▶ [RECORDS PROVIDED]
• • • •

Section TimeFunction.
Variables (V : finType) (C : seq (seq V)) (T : V -> nat).
Hypotheses (C_family : chain_family C) (C_cover : covers C).
Hypothesis T_time : time_function C T.

Lemma time_bounds v : 1 <= T v <= gamma C.
Proof. by case: T_time => bounds _; apply: bounds. Qed.

Lemma time_source v : is_source C v -> T v = 1.
Proof. by case: T_time => _ [src _]; apply: src. Qed.

Lemma time_inj : {in [pred v | ~~ is_source C v] &, injective T}.
Proof.
move=> u v u_ns v_ns; apply: contra_eq.
by case: T_time => _ [_ [distinct _]]; apply: distinct.
Qed.

Lemma time_chain_edge u v : chain_edge C u v -> T u < T v.
Proof. by case: T_time => _ [_ [_ incr]]; apply: incr. Qed.

Lemma chain_edge_non_source u w : chain_edge C u w -> ~~ is_source C w.
Proof.
move=> e; apply: contraTN (time_chain_edge e) => /time_source->.
by rewrite -leqNgt; case/andP: (time_bounds u).
Qed.

Lemma time_non_source v : ~~ is_source C v -> 2 <= T v.
Proof.
case/(chain_edge_to C_cover) => u /time_chain_edge.
by apply: leq_trans; case/andP: (time_bounds u).
Qed.

Let NS := [pred v | ~~ is_source C v].

Lemma card_non_sources : #|NS| = (gamma C).-1.
Proof.
have := cardsC [set v | is_source C v]; rewrite (card_sources C_family).
have -> : #|~: [set v | is_source C v]| = #|NS| by apply: eq_card => v; rewrite !inE.
by rewrite /gamma; lia.
Qed.

Lemma time_range : {in NS, forall v, 2 <= T v < 2 + #|NS|}.
Proof.
move=> v v_ns; rewrite time_non_source // card_non_sources.
by have := time_bounds v; lia.
Qed.

Lemma time_surj k : 2 <= k <= gamma C -> exists2 v, ~~ is_source C v & T v = k.
Proof.
move=> k_range; have : k \in iota 2 #|NS| by rewrite mem_iota card_non_sources; lia.
rewrite -(perm_mem (perm_image_iota time_inj time_range)) => /imageP[v v_ns ->].
by exists v.
Qed.

Lemma card_time_below n : n <= gamma C -> #|[set v in NS | T v < n]| = n - 2.
Proof.
by move=> le_n; apply: (card_image_below time_inj time_range); rewrite card_non_sources; lia.
Qed.

Lemma Tmax_sink u : is_sink C u -> Tmax C T u = gamma C.
Proof. by rewrite /Tmax => ->. Qed.

Lemma Tmax_chain_edge u w : chain_edge C u w -> Tmax C T u = (T w).-1.
Proof.
move=> e; rewrite /Tmax (negPf (chain_edge_not_sink C_family e)).
case: pickP => [w' e' | no_succ]; first by rewrite (chain_edge_functional C_family e' e).
by move: (no_succ w); rewrite e.
Qed.

Lemma not_perf_graphE x u : ~~ is_source C x ->
  ~~ perf_graph C T u x = [exists w, chain_edge C u w && (T w < T x)].
Proof.
move=> x_ns; apply/idP/existsP => [|[w /andP[e lt_wx]]].
  rewrite /perf_graph negb_or -ltnNge => /andP[not_ux lt_max].
  have [u_sink | /(chain_edge_from C_cover)[w e]] := boolP (is_sink C u).
    by move: lt_max; rewrite Tmax_sink // ltnNge; case/andP: (time_bounds x) => _ ->.
  exists w; rewrite e /=; rewrite (Tmax_chain_edge e) in lt_max.
  have ne_wx : w != x by apply: contraNneq not_ux => <-.
  have := contra_neq (time_inj (chain_edge_non_source e) x_ns) ne_wx.
  by have := time_non_source (chain_edge_non_source e); lia.
rewrite /perf_graph negb_or (Tmax_chain_edge e) -ltnNge; apply/andP; split.
  by apply: contraTN lt_wx => /(chain_edge_functional C_family e)->; rewrite ltnn.
exact: leq_ltn_trans (leq_pred _) lt_wx.
Qed.
Lemma dim_proportional_left_ideal X : left_ideal X -> dim_proportional X.
Proof.
move=> lX x; have [C0 [_ _ C0f pA]] := exists_dim_proportional_complement (left_ideal0 A).
have [C [lC dXC XCf pC]] := exists_dim_proportional_complement lX.
rewrite add0v in C0f; subst C0; have := pA x; have := pC x.
by rewrite -XCf limgD !dimv_disjoint_sum ?limg_amull_disjoint //; nia.
Qed.

End MinimalLeftIdeal.

Lemma left_ideal_right_unit X : left_ideal X ->
  exists2 e, e \in X & forall y, y \in X -> y * e = y.
Proof.
move=> lX; have [L [lL nzL minL]] := exists_minimal_left_ideal A.
have [C [lC dXC XCf _]] := exists_dim_proportional_complement lL nzL minL lX.
have /memv_addP[e Xe [c Cc e_c]] : 1 \in (X + C)%VS by rewrite XCf memvf.
exists e => // y Xy; have y_ec : y = y * e + y * c by rewrite -mulrDr -e_c mulr1.
suff yc0 : y * c = 0 by rewrite {2}y_ec yc0 addr0.
apply/eqP; rewrite -memv0 -dXC memv_cap (left_idealP _ lC) //.
have -> : y * c = y - y * e by rewrite [X in X - _]y_ec addrAC subrr add0r.
by rewrite memvB ?(left_idealP _ lX).
Qed.

Lemma dim_limg_amull_left_ideal x X : left_ideal X ->
  (\dim (amull x @: X) * \dim (fullv : {vspace A}) = \dim (rprincipal x) * \dim X)%N.
Proof.
move=> lX; have [L [lL nzL minL]] := exists_minimal_left_ideal A.
have pX := dim_proportional_left_ideal lL nzL minL lX x.
have pA := dim_proportional_left_ideal lL nzL minL (left_idealT A) x.
apply/eqP; rewrite -(eqn_pmul2r (dim_minimal_gt0 nzL)); apply/eqP.
by rewrite /rprincipal; nia.
Qed.

Section MinimalIdempotents.
Variable L : {vspace A}.
Hypotheses (lL : left_ideal L) (nzL : L != 0%VS)
  (minL : forall Y, left_ideal Y -> Y != 0%VS -> (\dim L <= \dim Y)%N).

Lemma lprincipal_minimal_neq0 u : \dim (lprincipal u) = \dim L -> u != 0.
Proof. by move=> dAu; rewrite -lprincipal_eq0 -dimv_eq0 dAu dimv_eq0. Qed.

Lemma minimal_idempotent_below e : e * e = e -> e != 0 ->
  exists e1 : A, [/\ e1 * e1 = e1, e * e1 = e1, e1 * e = e1 & \dim (lprincipal e1) = \dim L].
Proof.
move=> ee nze; have [a nzLae] := exists_amulr_neq0 lL nzL nze.
have lLae := left_ideal_amulr (a * e) lL.
have [f Laef f_unit] := left_ideal_right_unit lLae.
have ff : f * f = f by apply: f_unit.
have fe : f * e = f by have /memv_imgP[l _ ->] := Laef; rewrite amulrE -!mulrA ee.
have nzf : f != 0.
  apply: contraNneq nzLae => f0; rewrite -subv0; apply/subvP => y Laey.
  by rewrite memv0 -(f_unit y Laey) f0 mulr0.
exists (e * f); split.
- by rewrite mulrA -(mulrA e) fe -mulrA ff.
- by rewrite mulrA ee.
- by rewrite -mulrA fe.
have sAefLae : (lprincipal (e * f)%R <= amulr (a * e)%R @: L)%VS.
  by apply/subvP => _ /memv_imgP[z _ ->]; rewrite amulrE mulrA (left_idealP _ lLae).
have nzAef : lprincipal (e * f) != 0%VS.
  rewrite lprincipal_eq0; apply: contraNneq nzf => ef0.
  have <- : f * (e * f) = f by rewrite mulrA fe ff.
  by rewrite ef0 mulr0.
apply/eqP; rewrite eqn_leq minL ?left_ideal_lprincipal // andbT.
by rewrite -(dim_minimal_amulr lL nzL minL nzLae) dimvS.
Qed.

Lemma dim_rprincipal_minimal_le u v : u * u = u -> \dim (lprincipal u) = \dim L ->
  v != 0 -> (\dim (rprincipal u) <= \dim (rprincipal v))%N.
Proof.
move=> uu dAu nzv; have nzu := lprincipal_minimal_neq0 dAu.
have nzAv : lprincipal v != 0%VS by rewrite lprincipal_eq0.
have [a nzAvau] := exists_amulr_neq0 (left_ideal_lprincipal v) nzAv nzu.
have AvauE : amulr (a * u) @: lprincipal v = lprincipal u.
  have lAvau := left_ideal_amulr (a * u) (left_ideal_lprincipal v).
  apply/eqP; rewrite eqEdim dAu (minL lAvau nzAvau) andbT.
  by apply/subvP => _ /memv_imgP[w _ ->]; rewrite amulrE memv_lprincipal_idem // -!mulrA uu.
have /memv_imgP[_ /memv_imgP[z _ ->] uE] : u \in amulr (a * u) @: lprincipal v.
  by rewrite AvauE memv_lprincipal.
rewrite !amulrE in uE; rewrite uE; apply: leq_trans (limg_dim_leq (amull z) _); apply: dimvS.
apply/subvP => _ /memv_imgP[w _ ->]; rewrite amullE -!mulrA -amullE.
by rewrite memv_img // -amullE memv_img ?memvf.
Qed.

Lemma dim_rprincipal_minimal u v : u * u = u -> v * v = v ->
  \dim (lprincipal u) = \dim L -> \dim (lprincipal v) = \dim L ->
  \dim (rprincipal u) = \dim (rprincipal v).
Proof.
move=> uu vv dAu dAv.
by apply/eqP; rewrite eqn_leq !dim_rprincipal_minimal_le ?lprincipal_minimal_neq0.
Qed.

(* Split [e] into orthogonal idempotents [e1 + e2] with [A e1] minimal and
   induct on [\dim (A e)]. *)
Lemma dim_rprincipal_idem_ratio f e : f * f = f -> \dim (lprincipal f) = \dim L ->
  e * e = e ->
  (\dim (rprincipal e) * \dim L = \dim (lprincipal e) * \dim (rprincipal f))%N.
Proof.
move=> ff dAf; have [d] := ubnP (\dim (lprincipal e)).
elim: d e => // d IHd e ltAed ee.
have [-> | nze] := eqVneq e 0; first by rewrite lprincipal0 rprincipal0 !dimv0.
have [e1 [e1e1 ee1 e1e dAe1]] := minimal_idempotent_below ee nze.
set e2 := e - e1.
have e2e2 : e2 * e2 = e2 by rewrite /e2 mulrBl !mulrBr ee ee1 e1e e1e1 subrr subr0.
have e1e2 : e1 * e2 = 0 by rewrite /e2 mulrBr e1e e1e1 subrr.
have e2e1 : e2 * e1 = 0 by rewrite /e2 mulrBl ee1 e1e1 subrr.
have e_e12 : e = e1 + e2 by rewrite /e2 addrC subrK.
have dAe12 := dim_lprincipal_orthogonal e1e1 e2e2 e1e2 e2e1.
rewrite e_e12 dAe12 dim_rprincipal_orthogonal // !mulnDl (IHd e2) //.
  by rewrite (dim_rprincipal_minimal e1e1 ff dAe1 dAf) dAe1 mulnC.
by have := dim_minimal_gt0 nzL; rewrite -e_e12 in dAe12; lia.
Qed.
(* Let $\mathcal K$ be a 2-category and $\{\lambda_{i,j}:s_js_i\to s_is_j\}_{0\le i<j\le 2}$ a 0-cell of $\mathsf{Wdl}^{(2)}(\overline{\mathcal K})$. Then $\varphi^1_{0,2}:=\bar\lambda_{012}.s_0\eta_1s_2:s_0s_2\to s_0s_1s_2$ is a homomorphism of monads in $\overline{\mathcal K}$ from $(s_0s_2,\bar\lambda_{02})$ to $(s_0s_1s_2,\bar\lambda_{012})$; equivalently, $((A,1_{1_A}),\varphi^1_{0,2})$ is a 1-cell $(A,(s_0s_1s_2,\bar\lambda_{012}))\to(A,(s_0s_2,\bar\lambda_{02}))$ in $\mathsf{Mnd}(\overline{\mathcal K})$.
   Context: Conventions. For 1-cells, $uw$ is the horizontal composite ($w$ first); for 2-cells $\alpha,\beta$, $\alpha\beta$ is their horizontal composite; a 1-cell next to a 2-cell means whiskering; $\alpha.\beta$ is vertical composition ($\beta$ first). A monad $(A,t)$ has multiplication $\mu:tt\to t$, unit $\eta:1_A\to t$; indices carry over. Local idempotent closure $\overline{\mathcal K}$: same 0-cells as $\mathcal K$; 1-cells are pairs $(v,\bar v)$ with $v$ a 1-cell of $\mathcal K$ and $\bar v$ an idempotent 2-cell on $v$; 2-cells $(v,\bar v)\to(v',\bar v')$ are 2-cells $\omega:v\to v'$ of $\mathcal K$ with $\bar v'.\omega=\omega=\omega.\bar v$; compositions from $\mathcal K$, identity 2-cell of $(v,\bar v)$ is $\bar v$. Monads $(A,(t,\bar t))$ in $\overline{\mathcal K}$ satisfy $\mu.t\eta=\mu.\eta t=\bar t$; we write just $t$. A homomorphism of monads $\varphi:(t,\bar t)\to(r,\bar r)$ on $A$ is a 2-cell of $\overline{\mathcal K}$ with $\varphi.\mu_t=\mu_r.\varphi\varphi$, $\varphi.\eta_t=\eta_r$. $\mathsf{Mnd}(\overline{\mathcal K})$: 1-cells $(A,t)\to(A',t')$ are $(v,\psi)$, $\psi:t'v\to vt$ in $\overline{\mathcal K}$, with $\psi.\mu'v=v\mu.\psi t.t'\psi$, $\psi.\eta'v=v\eta$. Weak distributive law in $\overline{\mathcal K}$: monads $(A,t),(A,s)$ and $\lambda:ts\to st$ in $\overline{\mathcal K}$ with $\lambda.\mu s=s\mu.\lambda t.t\lambda$, $\lambda.t\mu=\mu t.s\lambda.\lambda s$, $\lambda.\eta s=\mu t.s\lambda.st\eta.s\eta$, $\lambda.t\eta=s\mu.\lambda t.\eta st.\eta t$; idempotent $\bar\lambda:=\mu t.s\lambda.st\eta$. A 0-cell of $\mathsf{Wdl}^{(2)}(\overline{\mathcal K})$: monads $(A,s_0),(A,s_1),(A,s_2)$ in $\overline{\mathcal K}$ and weak distributive laws $\lambda_{i,j}:s_js_i\to s_is_j$ with $\lambda_{0,1}s_2.s_1\lambda_{0,2}.\lambda_{1,2}s_0=s_0\lambda_{1,2}.\lambda_{0,2}s_1.s_2\lambda_{0,1}$; $\bar\lambda_{ij}$ is the idempotent of $\lambda_{i,j}$. Monads: $(s_0s_2,\bar\lambda_{02})$ has multiplication $\mu_0\mu_2.s_0\lambda_{0,2}s_2$ and unit $\lambda_{0,2}.\eta_2\eta_0$. Define $\bar\lambda_{012}:=\overleftarrow\lambda_{0,1,2}.\bar\lambda_{01}s_2$ with $\overleftarrow\lambda_{0,1,2}:=s_0s_1\mu_2.s_0\lambda_{1,2}s_2.\lambda_{0,2}s_1s_2.\eta_2s_0s_1s_2$; $(s_0s_1s_2,\bar\lambda_{012})$ has multiplication $\bar\lambda_{012}.\mu_0\mu_1\mu_2.s_0s_0\lambda_{1,2}s_2.s_0\lambda_{0,1}s_2s_1s_2.s_0s_1\lambda_{0,2}s_1s_2$ and unit $\bar\lambda_{012}.s_0\lambda_{1,2}.\lambda_{0,2}s_1.s_2\lambda_{0,1}.\eta_2\eta_1\eta_0$. *)

(* Conventions (as in the paper):
     comp1 u w  = uw           (w first)
     hcomp a b  = ab           (horizontal composite)
     vcomp a b  = a.b          (b first)                                   *)

Record TwoCat := {
  obj : Type;
  hom : obj -> obj -> Type;
  cell : obj -> obj -> Type;
  src : forall A B, cell A B -> hom A B;
  tgt : forall A B, cell A B -> hom A B;
  id1 : forall A, hom A A;
  comp1 : forall A B C, hom B C -> hom A B -> hom A C;
  id2 : forall A B, hom A B -> cell A B;
  vcomp : forall A B, cell A B -> cell A B -> cell A B;
  hcomp : forall A B C, cell B C -> cell A B -> cell A C;

  comp1_assoc : forall A B C D (u : hom C D) (v : hom B C) (w : hom A B),
      comp1 _ _ _ (comp1 _ _ _ u v) w = comp1 _ _ _ u (comp1 _ _ _ v w);
  comp1_id_l : forall A B (u : hom A B), comp1 _ _ _ (id1 B) u = u;
  comp1_id_r : forall A B (u : hom A B), comp1 _ _ _ u (id1 A) = u;

  src_id2 : forall A B (u : hom A B), src _ _ (id2 _ _ u) = u;
  tgt_id2 : forall A B (u : hom A B), tgt _ _ (id2 _ _ u) = u;
  src_vcomp : forall A B (a b : cell A B), tgt _ _ b = src _ _ a ->
      src _ _ (vcomp _ _ a b) = src _ _ b;
  tgt_vcomp : forall A B (a b : cell A B), tgt _ _ b = src _ _ a ->
      tgt _ _ (vcomp _ _ a b) = tgt _ _ a;
  vcomp_assoc : forall A B (a b c : cell A B),
      tgt _ _ c = src _ _ b -> tgt _ _ b = src _ _ a ->
      vcomp _ _ a (vcomp _ _ b c) = vcomp _ _ (vcomp _ _ a b) c;
  vcomp_id_l : forall A B (a : cell A B), vcomp _ _ (id2 _ _ (tgt _ _ a)) a = a;
  vcomp_id_r : forall A B (a : cell A B), vcomp _ _ a (id2 _ _ (src _ _ a)) = a;

  src_hcomp : forall A B C (a : cell B C) (b : cell A B),
      src _ _ (hcomp _ _ _ a b) = comp1 _ _ _ (src _ _ a) (src _ _ b);
  tgt_hcomp : forall A B C (a : cell B C) (b : cell A B),
      tgt _ _ (hcomp _ _ _ a b) = comp1 _ _ _ (tgt _ _ a) (tgt _ _ b);
  hcomp_assoc : forall A B C D (a : cell C D) (b : cell B C) (c : cell A B),
      hcomp _ _ _ (hcomp _ _ _ a b) c = hcomp _ _ _ a (hcomp _ _ _ b c);
  hcomp_id_l : forall A B (a : cell A B), hcomp _ _ _ (id2 _ _ (id1 B)) a = a;
  hcomp_id_r : forall A B (a : cell A B), hcomp _ _ _ a (id2 _ _ (id1 A)) = a;
  hcomp_id2 : forall A B C (u : hom B C) (w : hom A B),
      hcomp _ _ _ (id2 _ _ u) (id2 _ _ w) = id2 _ _ (comp1 _ _ _ u w);
  interchange : forall A B C (a a' : cell B C) (b b' : cell A B),
      tgt _ _ a' = src _ _ a -> tgt _ _ b' = src _ _ b ->
      hcomp _ _ _ (vcomp _ _ a a') (vcomp _ _ b b')
      = vcomp _ _ (hcomp _ _ _ a b) (hcomp _ _ _ a' b')
}.

Arguments hom {_} A B.
Arguments cell {_} A B.
Arguments src {_ A B} _.
Arguments tgt {_ A B} _.
Arguments id1 {_} A.
Arguments comp1 {_ A B C} _ _.
Arguments id2 {_ A B} _.
Arguments vcomp {_ A B} _ _.
Arguments hcomp {_ A B C} _ _.

Section Kbar.
Context {K : TwoCat}.

(* (v, e) is a 1-cell of the local idempotent closure: e idempotent 2-cell on v *)
Definition idem {A B : obj K} (v : hom A B) (e : cell A B) : Prop :=
  src e = v /\ tgt e = v /\ vcomp e e = e.

(* w is a 2-cell (v, e) -> (v', e') of the local idempotent closure *)
Definition bar_cell {A B : obj K} (v : hom A B) (e : cell A B)
    (v' : hom A B) (e' : cell A B) (w : cell A B) : Prop :=
  src w = v /\ tgt w = v' /\ vcomp e' w = w /\ vcomp w e = w.

(* (A,(t,tb)) with multiplication mu and unit eta is a monad in Kbar.
   Whiskering by a Kbar 1-cell (t,tb) is horizontal composition with its
   identity 2-cell tb. *)
Definition bar_monad {A : obj K} (t : hom A A) (tb mu eta : cell A A) : Prop :=
  idem t tb /\
  bar_cell (comp1 t t) (hcomp tb tb) t tb mu /\
  bar_cell (id1 A) (id2 (id1 A)) t tb eta /\
  vcomp mu (hcomp mu tb) = vcomp mu (hcomp tb mu) /\
  vcomp mu (hcomp tb eta) = tb /\
  vcomp mu (hcomp eta tb) = tb.

Definition wdl {A : obj K} (t : hom A A) (tb mut etat : cell A A)
    (s : hom A A) (sb mus etas : cell A A) (lam : cell A A) : Prop :=
  bar_monad t tb mut etat /\ bar_monad s sb mus etas /\
  bar_cell (comp1 t s) (hcomp tb sb) (comp1 s t) (hcomp sb tb) lam /\
  vcomp lam (hcomp mut sb)
    = vcomp (hcomp sb mut) (vcomp (hcomp lam tb) (hcomp tb lam)) /\
  vcomp lam (hcomp tb mus)
    = vcomp (hcomp mus tb) (vcomp (hcomp sb lam) (hcomp lam sb)) /\
  vcomp lam (hcomp etat sb)
    = vcomp (hcomp mus tb) (vcomp (hcomp sb lam)
        (vcomp (hcomp sb (hcomp tb etas)) (hcomp sb etat))) /\
  vcomp lam (hcomp tb etas)
    = vcomp (hcomp sb mut) (vcomp (hcomp lam tb)
        (vcomp (hcomp etat (hcomp sb tb)) (hcomp etas tb))).

Definition wdl_idem {A : obj K} (tb : cell A A) (sb mus etas : cell A A)
    (lam : cell A A) : cell A A :=
  vcomp (hcomp mus tb) (vcomp (hcomp sb lam) (hcomp sb (hcomp tb etas))).

Definition monad_hom {A : obj K} (t : hom A A) (tb mut etat : cell A A)
    (r : hom A A) (rb mur etar : cell A A) (phi : cell A A) : Prop :=
  bar_cell t tb r rb phi /\
  vcomp phi mut = vcomp mur (hcomp phi phi) /\
  vcomp phi etat = etar.

Definition mnd_1cell {A A' : obj K}
    (t : hom A A) (tb mu eta : cell A A)
    (t' : hom A' A') (tb' mu' eta' : cell A' A')
    (v : hom A A') (vb : cell A A') (psi : cell A A') : Prop :=
  idem v vb /\
  bar_cell (comp1 t' v) (hcomp tb' vb) (comp1 v t) (hcomp vb tb) psi /\
  vcomp psi (hcomp mu' vb)
    = vcomp (hcomp vb mu) (vcomp (hcomp psi tb) (hcomp tb' psi)) /\
  vcomp psi (hcomp eta' vb) = hcomp vb eta.

Record wdl2_data (A : obj K) := {
  s0 : hom A A; b0 : cell A A; m0 : cell A A; e0 : cell A A;
  s1 : hom A A; b1 : cell A A; m1 : cell A A; e1 : cell A A;
  s2 : hom A A; b2 : cell A A; m2 : cell A A; e2 : cell A A;
  l01 : cell A A;  (* lambda_{0,1} : s1 s0 -> s0 s1 *)
  l02 : cell A A;  (* lambda_{0,2} : s2 s0 -> s0 s2 *)
  l12 : cell A A   (* lambda_{1,2} : s2 s1 -> s1 s2 *)
}.

Arguments s0 {A} _. Arguments b0 {A} _. Arguments m0 {A} _. Arguments e0 {A} _.
Arguments s1 {A} _. Arguments b1 {A} _. Arguments m1 {A} _. Arguments e1 {A} _.
Arguments s2 {A} _. Arguments b2 {A} _. Arguments m2 {A} _. Arguments e2 {A} _.
Arguments l01 {A} _. Arguments l02 {A} _. Arguments l12 {A} _.


(* 0-cell of Wdl^(2)(Kbar): lambda_{i,j} : s_j s_i -> s_i s_j weak distributive
   laws (t := s_j, s := s_i) plus the Yang-Baxter condition *)
Definition is_wdl2 {A : obj K} (D : wdl2_data A) : Prop :=
  wdl (s1 D) (b1 D) (m1 D) (e1 D) (s0 D) (b0 D) (m0 D) (e0 D) (l01 D) /\
  wdl (s2 D) (b2 D) (m2 D) (e2 D) (s0 D) (b0 D) (m0 D) (e0 D) (l02 D) /\
  wdl (s2 D) (b2 D) (m2 D) (e2 D) (s1 D) (b1 D) (m1 D) (e1 D) (l12 D) /\
  vcomp (hcomp (l01 D) (b2 D)) (vcomp (hcomp (b1 D) (l02 D)) (hcomp (l12 D) (b0 D)))
  = vcomp (hcomp (b0 D) (l12 D)) (vcomp (hcomp (l02 D) (b1 D)) (hcomp (b2 D) (l01 D))).

Section Composites.
Context {A : obj K} (D : wdl2_data A).

Definition lbar01 : cell A A := wdl_idem (b1 D) (b0 D) (m0 D) (e0 D) (l01 D).
Definition lbar02 : cell A A := wdl_idem (b2 D) (b0 D) (m0 D) (e0 D) (l02 D).

Definition mult02 : cell A A :=
  vcomp (hcomp (m0 D) (m2 D)) (hcomp (b0 D) (hcomp (l02 D) (b2 D))).
Definition unit02 : cell A A := vcomp (l02 D) (hcomp (e2 D) (e0 D)).
Lemma quadf_null_addr_ge (u v : 'cV[R]_n) : J *m u = 0 ->
  zeta / 2 * dotv u u - cross_const kap zeta * dotv v v <= quadf H (u + v).
Proof.
move=> Ju0; have := H_null_pd Ju0; rewrite norm2_sqr quadfE => uHu.
have -> : quadf H (u + v) =
    dotv u (H *m u) + 2 * dotv u (H *m v) + dotv v (H *m v).
  by rewrite quadfE mulmxDr !dotvDl !dotvDr (dotv_sym_mul _ _ H_sym); ring.
have zeta2_gt0 : 0 < zeta / 2 by rewrite divr_gt0.
have cross_u := dotv_amgm (- u) (H *m v) zeta2_gt0.
have cross_v := dotv_amgm (- v) (H *m v) ltr01.
rewrite !dotvNl !dotvNr !opprK in cross_u cross_v.
rewrite invf_div in cross_u; rewrite divr1 mul1r in cross_v.
have Hv := dotv_mulmx_le v.
have Hv_scaled : 2 / zeta * dotv (H *m v) (H *m v) <= 2 / zeta * (kap ^+ 2 * dotv v v).
  by rewrite ler_wpM2l // divr_ge0 // ltW.
by rewrite /cross_const; lra.
Qed.

Variable smin : R.
Hypotheses (smin_gt0 : 0 < smin)
  (J_sing : forall w : 'cV[R]_m, smin * norm2 w <= norm2 (J^T *m w)).

Lemma step_sqnorm_le (d : 'cV[R]_n) (b : 'cV[R]_m) (Bc : R) :
  J *m d = - b -> norm2 b <= Bc ->
  dotv d d <= 4 / zeta * Num.max (quadf H d) 0 + step_const kap zeta smin Bc * norm1 b.
Proof.
move=> Jd b_le.
have [v [Jv vv_le]] := bounded_right_inverse smin_gt0 J_sing b.
have Ju : J *m (d + v) = 0 by rewrite mulmxDr Jd Jv addNr.
have dd_le := dotvvD_le (d + v) (- v).
have Q_ge := quadf_null_addr_ge (- v) Ju.
rewrite addrK dotvNl dotvNr opprK in dd_le Q_ge.
have zeta4_ge0 : 0 <= 4 / zeta by rewrite divr_ge0 // ltW.
have uu_le : 2 * dotv (d + v) (d + v) <=
    4 / zeta * quadf H d + 4 / zeta * cross_const kap zeta * dotv v v.
  have := ler_wpM2l zeta4_ge0 Q_ge.
  rewrite mulrBr mulrA (_ : 4 / zeta * (zeta / 2) = 2); first lra.
  by field; rewrite gt_eqF.
have vv_le' : (4 * cross_const kap zeta / zeta + 2) * dotv v v <=
    step_const kap zeta smin Bc * norm1 b.
  rewrite [leRHS](_ : _ = (4 * cross_const kap zeta / zeta + 2)
      * (Bc * norm1 b / smin ^+ 2)); last by rewrite /step_const; ring.
  apply: ler_wpM2l.
    apply: addr_ge0 => //; apply: divr_ge0; last exact: ltW.
    exact: mulr_ge0 (cross_const_ge0 kap zeta_gt0).
  rewrite ler_pdivlMr ?exprn_gt0 // mulrC (le_trans vv_le) //.
  by rewrite (le_trans (dotvv_le_norm2_norm1 b)) // ler_wpM2r ?norm1_ge0.
have Q_le : 4 / zeta * quadf H d <= 4 / zeta * Num.max (quadf H d) 0.
  by rewrite ler_wpM2l // le_max lexx.
lra.
Qed.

• • • •

▶ [TASK PROMPT]
From the records above, repeat exactly the lines from the one with "src_id2 : forall" through the one with "vcomp _ _ a (vcomp", both included.

▶ [REPLY TO THE TASK]
  src_id2 : forall A B (u : hom A B), src _ _ (id2 _ _ u) = u;
  tgt_id2 : forall A B (u : hom A B), tgt _ _ (id2 _ _ u) = u;
  src_vcomp : forall A B (a b : cell A B), tgt _ _ b = src _ _ a ->
      src _ _ (vcomp _ _ a b) = src _ _ b;
  tgt_vcomp : forall A B (a b : cell A B), tgt _ _ b = src _ _ a ->
      tgt _ _ (vcomp _ _ a b) = tgt _ _ a;
  vcomp_assoc : forall A B (a b c : cell A B),
      tgt _ _ c = src _ _ b -> tgt _ _ b = src _ _ a ->
      vcomp _ _ a (vcomp _ _ b c) = vcomp _ _ (vcomp _ _ a b) c;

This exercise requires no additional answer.